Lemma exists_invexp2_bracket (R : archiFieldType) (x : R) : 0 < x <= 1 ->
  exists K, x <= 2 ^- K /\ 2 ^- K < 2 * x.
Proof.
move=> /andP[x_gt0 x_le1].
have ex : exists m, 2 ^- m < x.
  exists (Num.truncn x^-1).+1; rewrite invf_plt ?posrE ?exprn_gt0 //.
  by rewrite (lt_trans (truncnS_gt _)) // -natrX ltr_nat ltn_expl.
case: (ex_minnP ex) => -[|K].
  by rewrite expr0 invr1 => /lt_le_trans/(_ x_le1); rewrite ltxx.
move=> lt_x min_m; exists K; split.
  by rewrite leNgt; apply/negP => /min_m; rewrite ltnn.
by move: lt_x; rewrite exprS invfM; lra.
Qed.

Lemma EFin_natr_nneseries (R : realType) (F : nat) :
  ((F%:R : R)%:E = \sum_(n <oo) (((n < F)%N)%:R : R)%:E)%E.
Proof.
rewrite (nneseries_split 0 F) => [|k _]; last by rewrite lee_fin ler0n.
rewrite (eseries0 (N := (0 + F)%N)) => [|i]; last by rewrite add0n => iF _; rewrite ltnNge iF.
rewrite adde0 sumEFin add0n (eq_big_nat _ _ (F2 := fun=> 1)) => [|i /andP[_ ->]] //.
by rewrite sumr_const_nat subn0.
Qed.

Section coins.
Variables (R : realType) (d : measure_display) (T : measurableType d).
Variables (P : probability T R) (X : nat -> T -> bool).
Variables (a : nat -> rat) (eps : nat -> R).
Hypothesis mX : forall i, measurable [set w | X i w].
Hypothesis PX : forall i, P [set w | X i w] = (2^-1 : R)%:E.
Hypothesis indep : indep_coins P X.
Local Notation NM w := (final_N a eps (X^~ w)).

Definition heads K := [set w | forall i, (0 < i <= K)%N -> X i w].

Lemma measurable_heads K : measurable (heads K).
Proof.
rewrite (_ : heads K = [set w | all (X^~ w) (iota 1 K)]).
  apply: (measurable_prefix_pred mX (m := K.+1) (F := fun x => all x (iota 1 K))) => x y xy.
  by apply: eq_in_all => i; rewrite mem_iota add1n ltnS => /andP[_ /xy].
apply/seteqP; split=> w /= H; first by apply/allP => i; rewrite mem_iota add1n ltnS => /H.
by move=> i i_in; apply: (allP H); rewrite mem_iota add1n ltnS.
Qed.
==
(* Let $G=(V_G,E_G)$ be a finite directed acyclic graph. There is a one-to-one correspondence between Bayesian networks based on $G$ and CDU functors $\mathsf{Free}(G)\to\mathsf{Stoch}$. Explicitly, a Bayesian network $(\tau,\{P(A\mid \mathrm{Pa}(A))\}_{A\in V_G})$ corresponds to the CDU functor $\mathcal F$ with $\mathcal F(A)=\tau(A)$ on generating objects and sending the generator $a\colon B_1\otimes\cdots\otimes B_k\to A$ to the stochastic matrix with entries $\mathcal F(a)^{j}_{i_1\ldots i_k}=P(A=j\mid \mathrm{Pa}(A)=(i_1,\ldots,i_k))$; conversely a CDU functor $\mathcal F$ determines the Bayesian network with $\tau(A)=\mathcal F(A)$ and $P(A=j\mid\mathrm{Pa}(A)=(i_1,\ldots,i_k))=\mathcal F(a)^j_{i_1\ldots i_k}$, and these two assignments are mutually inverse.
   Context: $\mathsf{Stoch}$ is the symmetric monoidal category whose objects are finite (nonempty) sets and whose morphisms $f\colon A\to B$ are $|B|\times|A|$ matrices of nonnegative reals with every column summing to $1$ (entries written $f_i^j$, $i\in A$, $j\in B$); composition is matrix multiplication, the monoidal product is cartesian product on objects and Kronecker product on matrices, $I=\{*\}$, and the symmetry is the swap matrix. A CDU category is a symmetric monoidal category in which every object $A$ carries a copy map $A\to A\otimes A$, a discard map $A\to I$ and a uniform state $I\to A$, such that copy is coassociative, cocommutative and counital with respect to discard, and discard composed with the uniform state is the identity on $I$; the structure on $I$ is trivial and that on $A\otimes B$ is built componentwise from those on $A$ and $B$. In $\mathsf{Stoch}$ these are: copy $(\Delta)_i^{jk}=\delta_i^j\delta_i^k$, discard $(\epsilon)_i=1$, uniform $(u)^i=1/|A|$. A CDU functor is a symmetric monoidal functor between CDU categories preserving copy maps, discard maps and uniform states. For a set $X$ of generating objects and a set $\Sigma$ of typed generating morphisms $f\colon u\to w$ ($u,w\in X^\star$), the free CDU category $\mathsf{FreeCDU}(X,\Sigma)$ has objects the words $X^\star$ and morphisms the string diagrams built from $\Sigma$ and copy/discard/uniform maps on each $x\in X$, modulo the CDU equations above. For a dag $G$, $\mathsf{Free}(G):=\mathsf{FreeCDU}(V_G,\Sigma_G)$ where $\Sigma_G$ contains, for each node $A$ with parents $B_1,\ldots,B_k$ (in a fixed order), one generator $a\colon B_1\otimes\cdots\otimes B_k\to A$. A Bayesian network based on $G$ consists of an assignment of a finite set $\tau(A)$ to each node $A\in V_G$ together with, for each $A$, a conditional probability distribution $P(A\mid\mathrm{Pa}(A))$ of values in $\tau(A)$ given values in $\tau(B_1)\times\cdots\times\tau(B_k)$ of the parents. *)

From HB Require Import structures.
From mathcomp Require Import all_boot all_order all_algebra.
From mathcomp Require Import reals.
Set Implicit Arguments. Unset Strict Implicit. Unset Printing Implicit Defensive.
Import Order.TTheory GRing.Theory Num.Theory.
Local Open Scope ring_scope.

## INSTRUCTIONS TO FOLLOW
With the line holding "Lemma exists_invexp2_bracket (R" as the first and the line holding "Definition heads K" as the last, please transcribe exactly the lines of the material above in that range and nothing else.

## OUTPUT OF THE EXERCISE
Lemma exists_invexp2_bracket (R : archiFieldType) (x : R) : 0 < x <= 1 ->
  exists K, x <= 2 ^- K /\ 2 ^- K < 2 * x.
Proof.
move=> /andP[x_gt0 x_le1].
have ex : exists m, 2 ^- m < x.
  exists (Num.truncn x^-1).+1; rewrite invf_plt ?posrE ?exprn_gt0 //.
  by rewrite (lt_trans (truncnS_gt _)) // -natrX ltr_nat ltn_expl.
case: (ex_minnP ex) => -[|K].
  by rewrite expr0 invr1 => /lt_le_trans/(_ x_le1); rewrite ltxx.
move=> lt_x min_m; exists K; split.
  by rewrite leNgt; apply/negP => /min_m; rewrite ltnn.
by move: lt_x; rewrite exprS invfM; lra.
Qed.

Lemma EFin_natr_nneseries (R : realType) (F : nat) :
  ((F%:R : R)%:E = \sum_(n <oo) (((n < F)%N)%:R : R)%:E)%E.
Proof.
rewrite (nneseries_split 0 F) => [|k _]; last by rewrite lee_fin ler0n.
rewrite (eseries0 (N := (0 + F)%N)) => [|i]; last by rewrite add0n => iF _; rewrite ltnNge iF.
rewrite adde0 sumEFin add0n (eq_big_nat _ _ (F2 := fun=> 1)) => [|i /andP[_ ->]] //.
by rewrite sumr_const_nat subn0.
Qed.

Section coins.
Variables (R : realType) (d : measure_display) (T : measurableType d).
Variables (P : probability T R) (X : nat -> T -> bool).
Variables (a : nat -> rat) (eps : nat -> R).
Hypothesis mX : forall i, measurable [set w | X i w].
Hypothesis PX : forall i, P [set w | X i w] = (2^-1 : R)%:E.
Hypothesis indep : indep_coins P X.
Local Notation NM w := (final_N a eps (X^~ w)).

Definition heads K := [set w | forall i, (0 < i <= K)%N -> X i w].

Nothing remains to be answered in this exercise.